'''
Lemma vnormZ n t (x : 'rV[R]_n) : 0 <= t -> vnorm (t *: x) = t * vnorm x.
Proof.
move=> t_ge0; rewrite /vnorm /vnorm2 vdotZl vdotZr mulrA -expr2.
by rewrite sqrtrM ?sqr_ge0 // sqrtr_sqr ger0_norm.
Qed.

Lemma Gsq_segment n (a h s : 'rV[R]_n) t :
  Gsq (a + t *: h) s = Gsq a s + t * vdot (a - s) h + t ^+ 2 / 2 * vnorm2 h.
Proof. by rewrite /Gsq addrAC vnorm2_addZ; field. Qed.

Lemma nonneg_quadratic_discriminant (a b c : R) :
  0 <= b -> (forall t, 0 <= a + 2 * t * c + t ^+ 2 * b) -> c ^+ 2 <= a * b.
Proof.
move=> b_ge0 quad_ge0.
have [b0|b_neq0] := eqVneq b 0.
  suff -> : c = 0 by rewrite b0 expr0n mulr0.
  apply/eqP/negPn/negP => c_neq0.
  have := quad_ge0 (- (a + 1) / (2 * c)); rewrite b0 mulr0 addr0.
  have -> : 2 * (- (a + 1) / (2 * c)) * c = - (a + 1) by field.
  lra.
have b_gt0 : 0 < b by rewrite lt_neqAle eq_sym b_neq0.
have := quad_ge0 (- c / b).
have -> : a + 2 * (- c / b) * c + (- c / b) ^+ 2 * b = (a * b - c ^+ 2) / b.
  by field; rewrite gt_eqF.
by rewrite pmulr_lge0 ?invr_gt0 // subr_ge0.
Qed.

End RowVectorGeometry.

Section ProfileGeometry.
Variables (R : realType) (N : nat) (d : 'I_N -> nat).
Implicit Types p q r : profile R d.

Lemma pdotC p q : pdot p q = pdot q p.
Proof. by apply: eq_bigr => i _; rewrite vdotC. Qed.

Lemma pdotBl p q r : pdot (psub p q) r = pdot p r - pdot q r.
Proof. by rewrite /pdot -sumrB; apply: eq_bigr => i _; rewrite vdotBl. Qed.

Lemma pdotBr p q r : pdot r (psub p q) = pdot r p - pdot r q.
Proof. by rewrite pdotC pdotBl !(pdotC r). Qed.

Lemma pdot_psubC p q r : pdot r (psub q p) = - pdot r (psub p q).
Proof. by rewrite !pdotBr opprB. Qed.

Lemma pnorm2_ge0 p : 0 <= pnorm2 p.
Proof. by apply: sumr_ge0 => i _; apply: vnorm2_ge0. Qed.

Lemma pnorm2_addZ p q t :
  pnorm2 (fun i => p i + t *: q i) = pnorm2 p + 2 * t * pdot p q + t ^+ 2 * pnorm2 q.
Proof.
rewrite /pnorm2 /pdot mulr_sumr mulr_sumr -!big_split /=.
by apply: eq_bigr => i _; exact: vnorm2_addZ.
Qed.

Lemma pdot_le_pnorm p q : pdot p q <= pnorm p * pnorm q.
Proof.
have disc : pdot p q ^+ 2 <= pnorm2 p * pnorm2 q.
  apply: nonneg_quadratic_discriminant => [|t]; first exact: pnorm2_ge0.
  by rewrite -pnorm2_addZ pnorm2_ge0.
rewrite /pnorm -sqrtrM ?pnorm2_ge0 //.
by apply: le_trans (ler_norm _) _; rewrite -sqrtr_sqr ler_wsqrtr.
Qed.

(* It follows from ||(pi' - sigma') - (pi - pi')||^2 >= 0. *)
Lemma four_point_inequality (pi pi' sigma sigma' : profile R d) (k : R) :
  pdot (psub pi sigma) (psub pi pi') <= pdot (psub pi' sigma') (psub pi pi') ->
  pdot (psub pi' sigma') (psub pi' sigma) <= k * pnorm (psub pi' sigma) ->
  pnorm2 (psub pi sigma) <= pnorm2 (psub sigma sigma') + 2 * k * pnorm (psub pi' sigma).
Proof.
have := pnorm2_ge0 (psub (psub pi' sigma') (psub pi pi')).
rewrite /pnorm2 !pdotBl !pdotBr.
move: (pdotC pi pi') (pdotC pi sigma) (pdotC pi sigma') (pdotC pi' sigma)
  (pdotC pi' sigma') (pdotC sigma sigma').
lra.
Qed.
'''
Out of the data above, set down the lines from the one with "Section ProfileGeometry." to the one with "Proof. by rewrite /pdot", both included, exactly as written and with no additions.

Completed task ::
Section ProfileGeometry.
Variables (R : realType) (N : nat) (d : 'I_N -> nat).
Implicit Types p q r : profile R d.

Lemma pdotC p q : pdot p q = pdot q p.
Proof. by apply: eq_bigr => i _; rewrite vdotC. Qed.

Lemma pdotBl p q r : pdot (psub p q) r = pdot p r - pdot q r.
Proof. by rewrite /pdot -sumrB; apply: eq_bigr => i _; rewrite vdotBl. Qed.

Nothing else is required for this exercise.